In the first paragraph, I said that this is a special case of conditioning SRW to lie above a line with fixed gradient. Fortunately, all the content of the general case is contained in the special case. We can repose the question of $S_n$ conditioned to stay above $n\alpha$ until step N by the question of $S_n-n\alpha$ (which, naturally, has drift $\mu-\alpha$) conditioned to stay non-negative until step N, by a direct coupling.

Applications

Simple random walk is a perfectly interesting object to study in its own right, and this is a perfectly natural question to ask about it.

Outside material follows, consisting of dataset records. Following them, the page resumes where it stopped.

(* Let $\mathbb{A}$ be a countable homogeneous structure, $\mathbb{F}$ a field, $d\ge1$, and $\mathscr{B}$ a family of finite substructures of $\mathbb{A}$ such that every finite substructure of $\mathbb{A}$ is a substructure of some $\mathbb{B}\in\mathscr{B}$. Then the length of $\operatorname{Lin}_{\mathbb{F}}\mathbb{A}^d$ (with respect to $\operatorname{Aut}(\mathbb{A})$) is at most $\sup_{\mathbb{B}\in\mathscr{B}}$ of the length of $\operatorname{Lin}_{\mathbb{F}}\mathbb{B}^d$ (with respect to $\operatorname{Aut}(\mathbb{B})$).
   Context: Homogeneous: every isomorphism between finite substructures extends to an automorphism. For a group $G$ acting on a set $X$, $\operatorname{Lin}_{\mathbb{F}}X$ is the space of finite formal linear combinations of elements of $X$ with the induced linear $G$-action; the length of $\operatorname{Lin}_{\mathbb{F}}X$ with respect to $G$ is the supremum of $n$ such that there is a chain $V_0\subsetneq\dots\subsetneq V_n$ of $G$-invariant subspaces. Here $G=\operatorname{Aut}(\mathbb{A})$ acts on $\mathbb{A}^d$ and $\operatorname{Aut}(\mathbb{B})$ on $\mathbb{B}^d$ componentwise. *)

From HB Require Import structures.
From mathcomp Require Import all_boot all_algebra.
From mathcomp Require Import boolp classical_sets.
From Stdlib Require List.
Set Implicit Arguments.
Unset Strict Implicit.
Unset Printing Implicit Defensive.
Import GRing.Theory.
Local Open Scope ring_scope.

Record signature := Signature { sym : Type; arity : sym -> nat }.

Definition interp (L : signature) (T : Type) :=
  forall s : sym L, ('I_(arity s) -> T) -> Prop.

Definition induced (L : signature) (T : Type) (I : interp L T) (P : set T)
  : interp L {x : T | P x} :=
  fun s t => I s (fun i => proj1_sig (t i)).
Arguments induced {L T} I P _ _.

Definition is_iso (L : signature) (T1 T2 : Type) (I1 : interp L T1)
  (I2 : interp L T2) (f : T1 -> T2) (g : T2 -> T1) : Prop :=
  cancel f g /\ cancel g f /\
  forall s (t : 'I_(arity s) -> T1), I2 s (fun i => f (t i)) <-> I1 s t.

Definition is_aut (L : signature) (T : Type) (I : interp L T) (g h : T -> T) :=
  is_iso I I g h.

Definition finite_subset (T : Type) (P : set T) : Prop :=
  exists s : seq T, forall x, P x -> List.In x s.

Definition countable_type (T : Type) : Prop :=
  exists f : T -> nat, injective f.

Definition homogeneous (L : signature) (T : Type) (I : interp L T) : Prop :=
  forall (S1 S2 : set T), finite_subset S1 -> finite_subset S2 ->
  forall (f : {x | S1 x} -> {x | S2 x}) (g : {x | S2 x} -> {x | S1 x}),
    is_iso (induced I S1) (induced I S2) f g ->
    exists a b : T -> T, is_aut I a b /\
      forall x : {x | S1 x}, a (proj1_sig x) = proj1_sig (f x).

(** Lin_F X : finite formal linear combinations = finitely supported
    coefficient functions X -> F. *)
Definition finsupp (X : Type) (F : fieldType) (v : X -> F) : Prop :=
  exists s : seq X, forall x, v x != 0 -> List.In x s.

Definition lin_subspace (X : Type) (F : fieldType) (W : set (X -> F)) : Prop :=
  [/\ forall v, W v -> finsupp v,
      W (fun _ => 0) &
      forall (a : F) u v, W u -> W v -> W (fun x => a * u x + v x)].

(** Invariance under the linear action of Aut(T,I) on Lin_F (T^d), the
    automorphism g (inverse h) acting componentwise on T^d = 'I_d -> T:
    (g . v)(t) = v (g^-1 o t). *)
Definition aut_invariant (L : signature) (T : Type) (I : interp L T)
  (F : fieldType) (d : nat) (W : set (('I_d -> T) -> F)) : Prop :=
  forall g h, is_aut I g h ->
    forall v, W v -> W (fun t => v (fun i => h (t i))).

Definition proper_sub (X : Type) (V W : set X) : Prop :=
  (forall x, V x -> W x) /\ exists x, W x /\ ~ V x.

Definition has_chain (L : signature) (T : Type) (I : interp L T)
  (F : fieldType) (d n : nat) : Prop :=
  exists V : nat -> set (('I_d -> T) -> F),
    (forall i, (i <= n)%N -> lin_subspace (V i) /\ aut_invariant I (V i)) /\
    (forall i, (i < n)%N -> proper_sub (V i) (V i.+1)).

(** Extended naturals: None = infinity. *)
Definition enat := option nat.

Definition enat_le (a b : enat) : Prop :=
  match a, b with
  | _, None => True
  | None, Some _ => False
  | Some m, Some n => (m <= n)%N
  end.

Definition is_esup (S : set enat) (e : enat) : Prop :=
  (forall x, S x -> enat_le x e) /\
  (forall u, (forall x, S x -> enat_le x u) -> enat_le e u).

(** Supremum in the extended naturals (exists and is unique). *)
Definition esup (S : set enat) : enat := xget None [set e | is_esup S e].

Definition lin_pow_length (L : signature) (T : Type) (I : interp L T)
  (F : fieldType) (d : nat) : enat :=
  esup (fun e => exists n, has_chain I F d n /\ e = Some n).

(* A chain V_0 < ... < V_n of invariant subspaces of Lin A^d is witnessed by
   finitely many vectors w_i in V_(i+1) \ V_i, whose supports involve only a
   finite set S of points of A.  Take B in the family containing S and pull
   each V_i back to Lin B^d along extension by zero.  The pullbacks are
   subspaces, still strictly increasing because every w_i lives on B^d, and
   Aut(B)-invariant because, by homogeneity, every automorphism of the finite
   substructure B extends to an automorphism of A.  Hence every chain length
   for A is a chain length for some B. *)
From Pilot Require Import Defs.
From HB Require Import structures.
From mathcomp Require Import all_boot all_algebra.
From mathcomp Require Import boolp classical_sets.
Set Implicit Arguments.
Unset Strict Implicit.
Import GRing.Theory.
Local Open Scope ring_scope.

Lemma enat_le_trans a b c : enat_le a b -> enat_le b c -> enat_le a c.
Proof. by case: a => [a|]; case: b => [b|]; case: c => [c|] //=; apply: leq_trans. Qed.

Lemma is_esup_bounded (S : set enat) m :
  (forall x, S x -> enat_le x (Some m)) -> exists e, is_esup S e.
Proof.
elim: m => [|m IH] Sm.
  by exists (Some 0%N); split => // -[].
have [Sm1|nSm1] := pselect (S (Some m.+1)).
  by exists (Some m.+1); split => // u; apply.
apply: IH => -[k|] Sk; have := Sm _ Sk => //=.
by rewrite leq_eqVlt => /orP[/eqP Ek|//]; rewrite Ek in Sk.
Qed.

Lemma esupP (S : set enat) : is_esup S (esup S).
Proof.
apply: (@xgetPex _ None [set e | is_esup S e]).
have [[m Sm]|unbounded] := pselect (exists m, forall x, S x -> enat_le x (Some m)).
  exact: is_esup_bounded Sm.
exists None; split => [[]//|[m|//] Sm].
by case: unbounded; exists m.
Qed.

Lemma esup_ub (S : set enat) x : S x -> enat_le x (esup S).
Proof. exact: (esupP S).1. Qed.

Lemma esup_least (S : set enat) u :
  (forall x, S x -> enat_le x u) -> enat_le (esup S) u.
Proof. exact: (esupP S).2. Qed.

Lemma In_enum (T : finType) (x : T) : List.In x (enum T).
Proof.
have : x \in enum T by rewrite mem_enum.
elim: (enum T) => //= y s IH.
by rewrite in_cons => /orP[/eqP ->|/IH]; [left|right].
Qed.

Lemma chain_witnesses_finsupp (X : Type) (F : fieldType)
    (V : nat -> set (X -> F)) n :
  (forall i, (i <= n)%N -> lin_subspace (V i)) ->
  (forall i, (i < n)%N -> Defs.proper_sub (V i) (V i.+1)) ->
  exists s : seq X, forall i, (i < n)%N ->
    exists w, [/\ V i.+1 w, ~ V i w & forall x, w x != 0 -> List.In x s].
Proof.
move=> Vlin Vlt.
suff: forall k, (k <= n)%N -> exists s : seq X, forall i, (i < k)%N ->
  exists w, [/\ V i.+1 w, ~ V i w & forall x, w x != 0 -> List.In x s].
  by apply; apply: leqnn.
elim=> [|k IH] ltkn; first by exists [::].
have [s Hs] := IH (ltnW ltkn).
have [_ [w [Vw nVw]]] := Vlt k ltkn.
have [Vsupp _ _] := Vlin k.+1 ltkn; have [s' suppw] := Vsupp w Vw.
exists (s ++ s') => i; rewrite ltnS leq_eqVlt => /orP[/eqP ->|ltik].
  by exists w; split=> // x /suppw sx; apply: List.in_or_app; right.
have [w' [Vw' nVw' suppw']] := Hs i ltik.
by exists w'; split=> // x /suppw' sx; apply: List.in_or_app; left.
Qed.

Section ExtensionByZero.

Variables (A : Type) (B : set A) (F : fieldType) (d : nat).

Definition zero_ext (v : ('I_d -> {x | B x}) -> F) : ('I_d -> A) -> F :=
  fun t => match pselect (forall i, B (t i)) with
  | left Bt => v (fun i => exist _ (t i) (Bt i))
  | right _ => 0
  end.

Lemma exist_sval (y : {x | B x}) (By : B (sval y)) : exist _ (sval y) By = y.
Proof. by case: y By => x Bx By; congr exist; apply: Prop_irrelevance. Qed.

Lemma zero_ext_in v (t : 'I_d -> A) (Bt : forall i, B (t i)) :
  zero_ext v t = v (fun i => exist _ (t i) (Bt i)).
Proof.
rewrite /zero_ext; case: pselect => [Bt'|//]; congr v; apply: funext => i.
by congr exist; apply: Prop_irrelevance.
Qed.

Lemma zero_ext_out v (t : 'I_d -> A) :
  ~ (forall i, B (t i)) -> zero_ext v t = 0.
Proof. by rewrite /zero_ext; case: pselect. Qed.

Lemma zero_ext_sval v (t : 'I_d -> {x | B x}) :
  zero_ext v (fun i => sval (t i)) = v t.
Proof.
by rewrite (zero_ext_in _ (fun i => svalP (t i))); congr v; apply: funext => i;
  rewrite exist_sval.
Qed.

Lemma zero_extK (w : ('I_d -> A) -> F) :
  (forall t, w t != 0 -> forall i, B (t i)) ->
  zero_ext (fun t => w (fun i => sval (t i))) = w.
Proof.
move=> suppw; apply: funext => t.
have [Bt|nBt] := pselect (forall i, B (t i)); first by rewrite zero_ext_in.
by rewrite zero_ext_out //; case: (eqVneq (w t) 0) => [//|/suppw/nBt].
Qed.

Definition pullback (W : set (('I_d -> A) -> F)) : set (('I_d -> {x | B x}) -> F) :=
  fun v => W (zero_ext v).

Lemma lin_subspace_pullback W : lin_subspace W -> lin_subspace (pullback W).
Proof.
move=> [Wsupp W0 WD]; split.
- move=> v /Wsupp [s suppv].
  pose lift (t : 'I_d -> A) : seq ('I_d -> {x | B x}) :=
    if pselect (forall i, B (t i)) is left Bt
    then [:: fun i => exist _ (t i) (Bt i)] else [::].
  exists (List.flat_map lift s) => t vt.
  apply/List.in_flat_map; exists (fun i => sval (t i)); split.
    by apply: suppv; rewrite zero_ext_sval.
  rewrite /lift; case: pselect => [Bt|nBt]; last by case: nBt => i; apply: svalP.
  by left; apply: funext => i; rewrite exist_sval.
- rewrite /pullback; suff -> : zero_ext (fun _ => 0) = (fun _ => 0) by [].
  by apply: funext => t; rewrite /zero_ext; case: pselect.
- move=> a u v Wu Wv; rewrite /pullback.
  suff -> : zero_ext (fun t => a * u t + v t)
          = (fun t => a * zero_ext u t + zero_ext v t) by apply: WD.
  by apply: funext => t; rewrite /zero_ext; case: pselect; rewrite ?mulr0 ?addr0.
Qed.

Lemma proper_sub_pullback V W (w : ('I_d -> A) -> F) :
  (forall v, V v -> W v) -> W w -> ~ V w ->
  (forall t, w t != 0 -> forall i, B (t i)) ->
  Defs.proper_sub (pullback V) (pullback W).
Proof.
move=> VW Ww nVw suppw; split=> [v /VW //|].
by exists (fun t => w (fun i => sval (t i))); rewrite /pullback zero_extK.
Qed.

End ExtensionByZero.

Section HomogeneousRestriction.

Variables (L : signature) (A : Type) (IA : interp L A).
Hypothesis homA : homogeneous IA.

(* The extension [a] of an automorphism [g] of the finite substructure on [B]
   maps [B] onto [B], so its inverse [b] agrees with [g]'s inverse [h]. *)
Lemma homogeneous_aut_extend (B : set A) g h :
  finite_subset B -> is_aut (induced IA B) g h ->
  exists a b, [/\ is_aut IA a b,
    forall x : {x | B x}, b (sval x) = sval (h x) &
    forall y, B (b y) -> B y].
Proof.
move=> finB autg.
have [a [b [autA ext]]] := homA finB finB autg.
have [hK [gK _]] := autg; have [bK [aK _]] := autA.
exists a, b; split=> // [x|y Bby].
  by rewrite -[in LHS](gK x) -ext bK.
by rewrite -(aK y) -[b y]/(sval (exist B (b y) Bby)) ext; apply: svalP.
Qed.

Lemma aut_invariant_pullback (F : fieldType) (d : nat) (B : set A) W :
  finite_subset B -> aut_invariant IA W ->
  aut_invariant (induced IA B) (@pullback A B F d W).
Proof.
move=> finB Winv g h autg v Wv; rewrite /pullback.
have [a [b [autA bh Bb]]] := homogeneous_aut_extend finB autg.
suff -> : zero_ext (fun t => v (fun i => h (t i)))
        = (fun t => zero_ext v (fun i => b (t i))) by apply: Winv autA _ Wv.
apply: funext => t; have [Bt|nBt] := pselect (forall i, B (t i)).
  rewrite zero_ext_in.
  have -> : (fun i => b (t i)) = (fun i => sval (h (exist _ (t i) (Bt i)))).
    by apply: funext => i; rewrite -bh.
  by rewrite zero_ext_sval.
by rewrite !zero_ext_out // => Bbt; apply: nBt => i; apply: Bb.
Qed.

Lemma has_chain_induced (F : fieldType) (d n : nat) (Bs : set (set A)) :
  (forall B, Bs B -> finite_subset B) ->
  (forall S : set A, finite_subset S -> exists2 B, Bs B & forall x, S x -> B x) ->
  has_chain IA F d n -> exists2 B, Bs B & has_chain (induced IA B) F d n.
Proof.
move=> finBs cover [V [Vok Vlt]].
have [s witness] :=
  chain_witnesses_finsupp (fun i lein => (Vok i lein).1) Vlt.
pose S : set A := fun x => exists t, List.In t s /\ exists j, x = t j.
have finS : finite_subset S.
  exists (List.flat_map (fun t => map t (enum 'I_d)) s).
  move=> x [t [st [j ->]]]; apply/List.in_flat_map; exists t; split=> //.
  exact/List.in_map/In_enum.
have [B BsB SB] := cover S finS.
exists B => //; exists (fun i => @pullback A B F d (V i)); split.
  move=> i lein; have [Vlin Vinv] := Vok i lein; split.
    exact: lin_subspace_pullback.
  exact: aut_invariant_pullback (finBs B BsB) Vinv.
move=> i ltin; have [w [Vw nVw suppw]] := witness i ltin.
apply: (proper_sub_pullback (Vlt i ltin).1 Vw nVw) => t /suppw st j.
by apply: SB; exists t; split=> //; exists j.
Qed.

End HomogeneousRestriction.

Theorem mainTheorem5 (L : signature) (A : Type) (IA : interp L A)
  (F : fieldType) (d : nat) (Bs : set (set A)) :
  countable_type A ->
  homogeneous IA ->
  (0 < d)%N ->
  (forall B, Bs B -> finite_subset B) ->
  (forall S : set A, finite_subset S ->
     exists2 B, Bs B & forall x, S x -> B x) ->
  enat_le (lin_pow_length IA F d)
    (esup (fun e => exists2 B, Bs B & e = lin_pow_length (induced IA B) F d)).
Proof.
move=> _ homA _ finBs cover.
apply: esup_least => _ [n [chainA ->]].
have [B BsB chainB] := has_chain_induced homA finBs cover chainA.
apply: enat_le_trans (esup_ub (ex_intro2 _ _ B BsB erefl)).
exact: esup_ub (ex_intro _ n (conj chainB erefl)).
Qed.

But lots of probabilistic models can be studied via naturally embedded SRWs, and it’s worth pointing out a couple of applications to other probabilistic settings (one of which is the reason I was investigating this literature).

In many circumstances, we can desribe random trees and random graphs by an embedded random walk, such as an exploration process, as described in several posts during my PhD, such as here and here. The exploration process of a Galton-Watson branching tree is a particularly good example, since the exploration process really is simple random walk, unlike in, for example, the Erdos-Renyi random graph G(N,p), where the increments are only approximately IID. In this setting, the increments are given by the offspring distribution minus one, and the hitting time of -1 is the total population size of the branching process. So if the expectation of the offspring distribution is at most 1, then the event that the size of the tree is large is an atypical event, corresponding to delayed extinction. Whereas if the expectation is greater than one, then it is an event with limiting positive probability. Indeed, with positive probability the exploration process never hits -1, corresponding to survival of the branching tree. There are plenty of interesting questions about the structure of a branching process tree conditional on having atypically large size, including the spine decomposition of Kesten [KS], but the methods described in this post can be used to quantify the probability, or at least the scale of the probability of this atypical event.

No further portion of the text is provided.